The Top 5 Ways to Secure Your Data in 2023


Data security is one of the major problem faced by many organizations nowadays. Here are some tips used to secure data

  •  Secure Service Edge (SSE)

This technology secures access to the web, cloud services, and private apps. SSE creates a single platform solution that combines both network and security architecture to prevent data loss in the cloud.


  • Data Risk Management (DRM)

Also known as Information Governance (IG) or Data Security Governance (DSG), DRM is a comprehensive strategy built to protect your data across multiple digital estates. Again, a product of its time as we are straddling hybrid and cloud, in-office and remote, virtual storage and physical servers, and more.


 

  • Insider Risk Management (IRM)

Insider Risk Management acknowledges the significant danger of insider threats. As of 2023, 34% of companies around the world are affected by insider threats, and 30% of bankruptcies are due to employee theft.


  •  Integrated Next-Generation DLP capabilities

Wasn’t DLP out? Yes. But next-generation DLP capabilities are very, very in. They can be found as part of the wider strategies mentioned throughout the rest of this list, and they deserve a specific call-out.


  • Data Detection and Response (DDR)

This is the newest kid on the block, and deserving of at least an honest amount of consideration. You already know about “detection and response”, or the –DR denominator at the end of so many solutions today (EDR, NDR, XDR, so on).

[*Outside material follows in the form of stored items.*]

(* Let $k<m\le kn$ be positive integers and let $I$ be an instance with $n$ agents and $m$ goods in a single category with cardinality constraint $k$, where each agent $i$ has an additive utility function $u_i:2^M\to\mathbb{R}_{\ge0}$ with $u_i(\emptyset)=0$ (not necessarily normalized). Let $\mathcal{A}^*=(A^*_1,\dots,A^*_n)$ be an allocation maximizing $\sum_i u_i(A_i)$ and let $S=\{i: |A^*_i|>k\}$. Suppose $0<u_i(M)\le 1$ for each $i\in S$ and $\sum_{i\in N\setminus S}u_i(A^*_i)\ge 1$. Then $$\frac{\text{OPT-USW}(I)}{\max_{\mathcal{A}\in \mathcal{C}_k(I)}\text{USW}(\mathcal{A})}\le \frac{1+\sum_{i\in S}u_i(A^*_i)}{1+k\sum_{i\in S}\frac{u_i(A^*_i)}{|A^*_i|}}\le \frac{1+s}{1+\frac{ks^2}{m-1}},$$ where $s=-1+\sqrt{1+\frac{m-1}{k}}$.
   Context: An allocation is a partition $(A_1,\dots,A_n)$ of the goods $M$, agent $i$ receiving $A_i$; it is cardinal if $|A_i|\le k$ for all $i$, and $\mathcal{C}_k(I)$ denotes the set of cardinal allocations. $\text{USW}(\mathcal{A})=\sum_i u_i(A_i)$ and $\text{OPT-USW}(I)=\text{USW}(\mathcal{A}^* )$ is its maximum over all allocations. *)

From mathcomp Require Import all_boot all_order all_algebra.
Set Implicit Arguments. Unset Strict Implicit. Unset Printing Implicit Defensive.
Import Order.TTheory GRing.Theory Num.Theory.
Local Open Scope ring_scope.

(* Agents are 'I_n, goods are 'I_m (a single category).
   An additive utility profile is u : 'I_n -> 'I_m -> R, with u i g >= 0 the
   value of good g for agent i; u_i(A) = \sum_(g in A) u i g (so u_i(set0)=0).
   An allocation (a partition of M into n, possibly empty, bundles) is encoded
   as a function assigning each good to the agent receiving it. *)

Definition allocation (n m : nat) := {ffun 'I_m -> 'I_n}.

Definition bundle (n m : nat) (a : allocation n m) (i : 'I_n) : {set 'I_m} :=
  [set g | a g == i].

Definition util (R : numDomainType) (n m : nat) (u : 'I_n -> 'I_m -> R)
  (i : 'I_n) (A : {set 'I_m}) : R := \sum_(g in A) u i g.

Definition USW (R : numDomainType) (n m : nat) (u : 'I_n -> 'I_m -> R)
  (a : allocation n m) : R := \sum_(i < n) util u i (bundle a i).

Definition cardinal (n m k : nat) (a : allocation n m) : bool :=
  [forall i : 'I_n, #|bundle a i| <= k]%N.

(* max_{A in C_k(I)} USW(A); utilities are nonnegative, so 0 is a neutral
   default for the (nonempty, since m <= k n) maximum. *)
Definition max_card_USW (R : realDomainType) (n m k : nat)
  (u : 'I_n -> 'I_m -> R) : R :=
  \big[Num.max/0]_(a : allocation n m | cardinal k a) USW u a.

From mathcomp Require Import all_boot all_order all_algebra.
From mathcomp Require Import ring lra.

Import Order.TTheory GRing.Theory Num.Theory.
Local Open Scope ring_scope.

(* Every agent keeps its bundle if it has at most k goods, and an agent of S
   keeps only its k most valuable goods, worth at least k/|A*_i| of its bundle;
   since m <= kn the released goods can be handed to agents below capacity.
   This cardinal allocation has welfare at least W_N + kB, where W_N, W_S are
   the welfare outside and inside S and B = sum_S u_i(A*_i)/|A*_i|; as W_N >= 1
   and kB <= W_S, the first ratio is at most (1 + W_S)/(1 + kB).  Since
   u_i(A*_i) <= 1, Cauchy-Schwarz with sum_S |A*_i| <= m - 1 gives
   kB >= q W_S^2 for q = k/(m - 1), and w |-> (1 + w)/(1 + q w^2) is maximal
   at w = s. *)

Lemma sum_card_fibers (G I : finType) (f : G -> I) (D : {set G}) (P : {pred I}) :
  (\sum_(i in P) #|[set g in D | f g == i]|)%N = #|[set g in D | f g \in P]|.
Proof.
rewrite -sum1_card (partition_big f (mem P)) /=; last by move=> g; rewrite inE => /andP[].
apply: eq_bigr => i Pi; rewrite -sum1_card; apply: eq_bigl => g; rewrite !inE.
by case: eqP => [->|]; rewrite ?Pi ?andbT ?andbF.
Qed.

Lemma exists_underloaded {G I : finType} (k : nat) (b : G -> I) (D : {set G}) :
  (#|D| < k * #|I|)%N -> exists i, (#|[set g in D | b g == i]| < k)%N.
Proof.
move=> ltDk; apply/existsP; apply: contraTT ltDk => /existsPn overloaded.
rewrite -leqNgt mulnC -sum_nat_const.
have -> : #|D| = (\sum_(i in I) #|[set g in D | b g == i]|)%N.
  by rewrite sum_card_fibers; apply: eq_card => g; rewrite !inE andbT.
by apply: leq_sum => i _; rewrite leqNgt overloaded.
Qed.

Lemma extend_bounded_loads {G I : finType} (k : nat) (b : G -> I) (D : {set G}) :
  (#|G| <= k * #|I|)%N -> (forall i, #|[set g in D | b g == i]| <= k)%N ->
  exists a : {ffun G -> I},
    (forall i, #|[set g | a g == i]| <= k)%N /\ {in D, forall g, a g = b g}.
Proof.
move=> cap; move cD: #|~: D| => N; elim: N b D cD => [|N IH] b D cD load.
  have DT : D = setT by rewrite -[D]setCK (cards0_eq cD) setC0.
  exists [ffun g => b g]; split=> [i|g _]; last by rewrite ffunE.
  by apply: leq_trans (load i); apply: subset_leq_card; apply/subsetP => g;
    rewrite !inE ffunE DT inE.
have [g0 g0D] : exists g0, g0 \in ~: D by apply/set0Pn; rewrite -card_gt0 cD.
have [i0 under_i0] : exists i0, (#|[set g in D | b g == i0]| < k)%N.
  apply: (exists_underloaded k b D); apply: leq_trans cap.
  by rewrite -(cardsC D) cD addnS ltnS leq_addr.
pose b' g := if g == g0 then i0 else b g.
have load' i : (#|[set g in g0 |: D | b' g == i]| <= k)%N.
  rewrite /b'; have [->|ne_i] := eqVneq i i0.
    apply: leq_trans under_i0; rewrite -add1n -(cards1 g0).
    apply: leq_trans (leq_card_setU _ _).
    by apply: subset_leq_card; apply/subsetP => g; rewrite !inE; case: eqP.
  apply: leq_trans (load i); apply: subset_leq_card; apply/subsetP => g; rewrite !inE.
  by case: eqP => [_ /andP[_ /eqP eq_i]|_ /=//]; rewrite eq_i eqxx in ne_i.
have cD' : #|~: (g0 |: D)| = N.
  by move: cD; rewrite setCU (cardsD1 g0 (~: D)) g0D setDE setIC => -[].
have [a [load_a a_eq]] := IH b' (g0 |: D) cD' load'.
exists a; split=> // g gD; rewrite a_eq ?inE ?gD ?orbT // /b'.
by case: eqP => // eq_g; move: g0D; rewrite -eq_g inE gD.
Qed.

Lemma exists_heavy_subset {R : realDomainType} {T : finType} (f : T -> R) {k : nat}
    {A : {set T}} : (k <= #|A|)%N ->
  exists B : {set T}, [/\ B \subset A, #|B| = k &
    k%:R * \sum_(x in A) f x <= #|A|%:R * \sum_(x in B) f x].
Proof.
move cA: #|A| => N; elim: N A cA => [|N IH] A cA.
  by rewrite leqn0 => /eqP ->; exists A; rewrite cA.
rewrite leq_eqVlt ltnS => /orP[/eqP-> | le_kN]; first by exists A; rewrite cA.
have [g0 g0A] : exists g0, g0 \in A by apply/set0Pn; rewrite -card_gt0 cA.
case: (arg_minP f g0A) => g gA' min_g.
have gA : g \in A by exact: gA'.
have cAg : #|A :\ g| = N by move: cA; rewrite (cardsD1 g A) gA add1n => -[].
have [B [sub_B cB heavy_B]] := IH _ cAg le_kN.
have sub_BA : B \subset A := subset_trans sub_B (subsetDl A [set g]).
exists B; split=> //.
have min_le_B : k%:R * f g <= \sum_(x in B) f x.
  rewrite -cB mulr_natl -sumr_const; apply: ler_sum => x xB.
  exact/min_g/(subsetP sub_BA).
rewrite (big_setD1 g gA) /= mulrDr -addn1 natrD mulrDl mul1r addrC.
exact: lerD.
Qed.

Lemma ler_ratio_shift (R : realFieldType) (a b c M : R) :
  1 <= a -> 0 <= b <= c -> a + b <= M -> (a + c) / M <= (1 + c) / (1 + b).
Proof.
move=> a_ge1 /andP[b_ge0 b_le_c] le_M.
have M_gt0 : 0 < M by lra.
have b1_gt0 : 0 < 1 + b by lra.
rewrite ler_pdivrMr // mulrAC ler_pdivlMr //.
have : (1 + c) * (a + b) <= (1 + c) * M by apply: ler_wpM2l; lra.
nra.
Qed.

Lemma ler_sum_sqr_div {R : realFieldType} {I : finType} {P : {pred I}} {x c : I -> R}
    {d : R} :
  0 < d -> (forall i, i \in P -> 0 < c i) -> \sum_(i in P) c i <= d ->
  (\sum_(i in P) x i) ^+ 2 / d <= \sum_(i in P) x i ^+ 2 / c i.
Proof.
move=> d_gt0 c_gt0 le_d; set W := \sum_(i in P) x i; pose l := W / d.
(* Each term lies above its tangent at the ratio x i / c i = l of the equality case. *)
have tangent i : i \in P -> 2 * l * x i - l ^+ 2 * c i <= x i ^+ 2 / c i.
  move=> iP; have ci_gt0 := c_gt0 i iP; set y := x i / c i.
  have -> : x i = y * c i by rewrite /y divfK ?gt_eqF.
  have -> : (y * c i) ^+ 2 / c i = y ^+ 2 * c i by field; rewrite gt_eqF.
  have : 0 <= (y - l) ^+ 2 * c i by rewrite mulr_ge0 ?sqr_ge0 // ltW.
  nra.
have -> : W ^+ 2 / d = 2 * l * W - l ^+ 2 * d by rewrite /l; field; rewrite gt_eqF.
apply: le_trans _ (ler_sum _ tangent); rewrite sumrB -!mulr_sumr -/W lerD2l lerN2.
by apply: ler_wpM2l; rewrite ?sqr_ge0.
Qed.

Lemma ler_ratio_quadratic_max (R : realFieldType) (q s w b : R) :
  0 < q -> 0 <= 1 + s -> q * (1 + s) ^+ 2 = 1 + q -> 0 <= 1 + w -> q * w ^+ 2 <= b ->
  (1 + w) / (1 + b) <= (1 + s) / (1 + q * s ^+ 2).
Proof.
move=> q_gt0 s_ge0 def_s w_ge0 le_b.
have qw_ge0 : 0 <= q * w ^+ 2 := mulr_ge0 (ltW q_gt0) (sqr_ge0 w).
have qs_ge0 : 0 <= q * s ^+ 2 := mulr_ge0 (ltW q_gt0) (sqr_ge0 s).
have b1_gt0 : 0 < 1 + b by lra.
have qs1_gt0 : 0 < 1 + q * s ^+ 2 by lra.
rewrite ler_pdivrMr // mulrAC ler_pdivlMr //.
(* By the choice of s, (1 + s)(1 + q w^2) - (1 + w)(1 + q s^2) = q (1 + s) (w - s)^2. *)
have := mulr_ge0 (mulr_ge0 (ltW q_gt0) s_ge0) (sqr_ge0 (w - s)).
have : (1 + s) * (1 + q * w ^+ 2) <= (1 + s) * (1 + b) by apply: ler_wpM2l; rewrite ?lerD2l.
nra.
Qed.

Lemma util_subset {R : numDomainType} {n m : nat} {u : 'I_n -> 'I_m -> R} {i : 'I_n}
    {A B : {set 'I_m}} :
  (forall g, 0 <= u i g) -> A \subset B -> util u i A <= util u i B.
Proof.
move=> u_ge0 sub_AB; rewrite /util [leRHS](big_setID A) /= (setIidPr sub_AB) lerDl.
exact: sumr_ge0.
Qed.

Section TruncatedAllocation.

Variables (R : realFieldType) (n m k : nat) (u : 'I_n -> 'I_m -> R) (a0 : allocation n m).
Hypothesis u_ge0 : forall i g, 0 <= u i g.

Let S := [set i | (k < #|bundle a0 i|)%N].

Lemma max_card_USW_ge : (m <= k * n)%N ->
  \sum_(i in ~: S) util u i (bundle a0 i)
    + k%:R * \sum_(i in S) util u i (bundle a0 i) / #|bundle a0 i|%:R
  <= max_card_USW k u.
Proof.
move=> cap.
have [T heavy_T] :=
  fin_all_exists (fun i => exists_heavy_subset (u i) (geq_minr k #|bundle a0 i|)).
have T_bundle i g : g \in T i -> a0 g = i.
  by case: (heavy_T i) => /subsetP sub_T _ _ /sub_T; rewrite inE => /eqP.
pose D := [set g | g \in T (a0 g)].
have load i : (#|[set g in D | a0 g == i]| <= k)%N.
  case: (heavy_T i) => _ card_T _; apply: leq_trans (geq_minl k #|bundle a0 i|).
  rewrite -card_T; apply: subset_leq_card; apply/subsetP => g.
  by rewrite !inE => /andP[gT /eqP <-].
have cap' : (#|'I_m| <= k * #|'I_n|)%N by rewrite !card_ord.
have [a [card_a a_eq]] := extend_bounded_loads k a0 D cap' load.
have T_sub_a i : T i \subset bundle a i.
  apply/subsetP => g gT; have a0g := T_bundle _ _ gT.
  by rewrite inE a_eq ?a0g // /D inE a0g.
apply: le_trans (_ : USW u a <= _); last first.
  by apply: le_bigmax_cond; apply/forallP => i; exact: card_a.
apply: le_trans (_ : \sum_i util u i (T i) <= _); last first.
  by apply: ler_sum => i _; apply: util_subset.
rewrite [leRHS](bigID (mem S)) [leRHS]addrC /= mulr_sumr.
apply: lerD.
  rewrite (eq_bigl _ _ (fun i => in_setC i S)); apply: ler_sum => i.
  rewrite inE -leqNgt => small_i; case: (heavy_T i) => sub_T card_T _.
  suff -> : T i = bundle a0 i by [].
  by apply/eqP; rewrite eqEcard sub_T card_T leq_min small_i leqnn.
apply: ler_sum => i; rewrite inE => large_i.
case: (heavy_T i) => _ _; rewrite (minn_idPl (ltnW large_i)) mulrA ler_pdivrMr; last first.
  by rewrite ltr0n (leq_ltn_trans _ large_i).
by rewrite [leRHS]mulrC.
Qed.

Lemma mulr_sum_util_div_card_le :
  k%:R * \sum_(i in S) util u i (bundle a0 i) / #|bundle a0 i|%:R
    <= \sum_(i in S) util u i (bundle a0 i).
Proof.
rewrite mulr_sumr; apply: ler_sum => i; rewrite inE => large_i.
have card_gt0 : 0 < #|bundle a0 i|%:R :> R by rewrite ltr0n (leq_ltn_trans _ large_i).
rewrite mulrA ler_pdivrMr // mulrC ler_wpM2l ?ler_nat 1?ltnW //.
exact: sumr_ge0.
Qed.

Lemma USW_split : USW u a0 =
  \sum_(i in ~: S) util u i (bundle a0 i) + \sum_(i in S) util u i (bundle a0 i).
Proof. by rewrite /USW (bigID (mem S)) addrC (eq_bigl _ _ (fun i => in_setC i S)). Qed.

Lemma sum_card_large_bundles_lt : 0 < \sum_(i in ~: S) util u i (bundle a0 i) ->
  (\sum_(i in S) #|bundle a0 i| < m)%N.
Proof.
move=> pos.
have [g g_notS] : exists g, a0 g \notin S.
  apply/existsP; apply: contraTT pos => /existsPn allS; rewrite -leNgt.
  rewrite big1 // => i i_notS.
  suff -> : bundle a0 i = set0 by rewrite /util big_set0.
  apply/setP => h; rewrite !inE; apply/negbTE/eqP => a0h.
  by move: (allS h); rewrite a0h -in_setC i_notS.
rewrite (eq_bigr (fun i => #|[set g in setT | a0 g == i]|)); last first.
  by move=> i _; apply: eq_card => h; rewrite !inE.
rewrite sum_card_fibers; apply: (@leq_trans #|[set: 'I_m]|); last by rewrite cardsT card_ord.
apply: proper_card; rewrite properT.
by apply/eqP => full; move: (in_setT g); rewrite -{1}full in_set (negPf g_notS) andbF.
Qed.

Lemma sqr_sum_util_div_le : (1 < m)%N -> (\sum_(i in S) #|bundle a0 i| < m)%N ->
  (forall i, i \in S -> util u i setT <= 1) ->
  (\sum_(i in S) util u i (bundle a0 i)) ^+ 2 / (m%:R - 1)
    <= \sum_(i in S) util u i (bundle a0 i) / #|bundle a0 i|%:R.
Proof.
move=> m_gt1 lt_m util_le1.
have card_gt0 i : i \in S -> 0 < #|bundle a0 i|%:R :> R.
  by rewrite inE ltr0n; apply: leq_ltn_trans.
apply: le_trans (ler_sum_sqr_div _ card_gt0 _) _.
- by rewrite subr_gt0 ltr1n.
- by rewrite -natr_sum -(natrB _ (ltnW m_gt1)) ler_nat leq_subRL ?add1n // ltnW.
apply: ler_sum => i iS; apply: ler_wpM2r; first by rewrite invr_ge0.
have util_ge0 : 0 <= util u i (bundle a0 i) by apply: sumr_ge0.
rewrite expr2 ler_piMl //; apply: le_trans (util_le1 i iS).
exact: util_subset (u_ge0 i) (subsetT _).
Qed.

End TruncatedAllocation.

Theorem lemma3 (R : rcfType) (n m k : nat)
  (u : 'I_n -> 'I_m -> R) (astar : allocation n m) :
  (0 < k)%N -> (0 < n)%N -> (k < m)%N -> (m <= k * n)%N ->
  (forall i g, 0 <= u i g) ->
  (forall a : allocation n m, USW u a <= USW u astar) ->
  let S := [set i : 'I_n | (k < #|bundle astar i|)%N] in
  (forall i, i \in S -> 0 < util u i setT /\ util u i setT <= 1) ->
  1 <= \sum_(i in ~: S) util u i (bundle astar i) ->
  let s := -1 + Num.sqrt (1 + (m%:R - 1) / k%:R) in
  USW u astar / max_card_USW k u
    <= (1 + \sum_(i in S) util u i (bundle astar i))
       / (1 + k%:R * \sum_(i in S) (util u i (bundle astar i) / #|bundle astar i|%:R))
  /\
  (1 + \sum_(i in S) util u i (bundle astar i))
       / (1 + k%:R * \sum_(i in S) (util u i (bundle astar i) / #|bundle astar i|%:R))
    <= (1 + s) / (1 + k%:R * s ^+ 2 / (m%:R - 1)).
Proof.
move=> k_gt0 _ lt_km cap u_ge0 _ S util_le1 WN_ge1 s.
set WS := \sum_(i in S) _; set B := \sum_(i in S) _.
have WS_ge0 : 0 <= WS by apply: sumr_ge0 => i _; apply: sumr_ge0.
have B_ge0 : 0 <= B.
  by apply: sumr_ge0 => i _; apply: divr_ge0; [apply: sumr_ge0 | apply: ler0n].
have kB_le_WS : k%:R * B <= WS := mulr_sum_util_div_card_le R n m k u astar u_ge0.
split.
  rewrite (USW_split R n m k u astar); apply: ler_ratio_shift => //.
    by rewrite kB_le_WS mulr_ge0.
  exact: max_card_USW_ge.
have m_gt1 : (1 < m)%N by apply: leq_ltn_trans lt_km.
have m1_gt0 : 0 < m%:R - 1 :> R by rewrite subr_gt0 ltr1n.
have lt_m := sum_card_large_bundles_lt R n m k u astar (lt_le_trans ltr01 WN_ge1).
have sqr_WS_le := sqr_sum_util_div_le R n m k u astar u_ge0 m_gt1 lt_m
  (fun i iS => (util_le1 i iS).2).
have def_s : 1 + s = Num.sqrt (1 + (m%:R - 1) / k%:R) by rewrite /s addrA subrr add0r.
have k_gt0' : 0 < k%:R :> R by rewrite ltr0n.
rewrite [k%:R * s ^+ 2 / _]mulrAC.
apply: ler_ratio_quadratic_max.
- by rewrite divr_gt0.
- by rewrite def_s sqrtr_ge0.
- rewrite def_s sqr_sqrtr; last by rewrite addr_ge0 // divr_ge0 // ltW.
  by field; rewrite !gt_eqF.
- by rewrite addr_ge0.
by rewrite mulrAC -mulrA ler_wpM2l.
Qed.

Now, Data Detection and Response has shifted next-generation data loss prevention strategies into that category, and carried it a step further. The notable difference? Data lineage. That means every piece of data is tracked, monitored, and traced back to its roots. If an employee copies a piece of source code and slips it into Slack? Caught. If an all-hands meeting gets leaked on the web (pre-launch trade secrets and all)? Caught. These are nebulous, non-linear forms of data leakage that were previously hard to detect because the industry was protecting the bucket, not the data. Now that the buckets have become so convoluted (a la the cloud, remote environments, so many online platforms, messaging apps, tons of email, virtual storage spaces, etc.) a data tracking system was needed. And that’s why DDR crowns this list.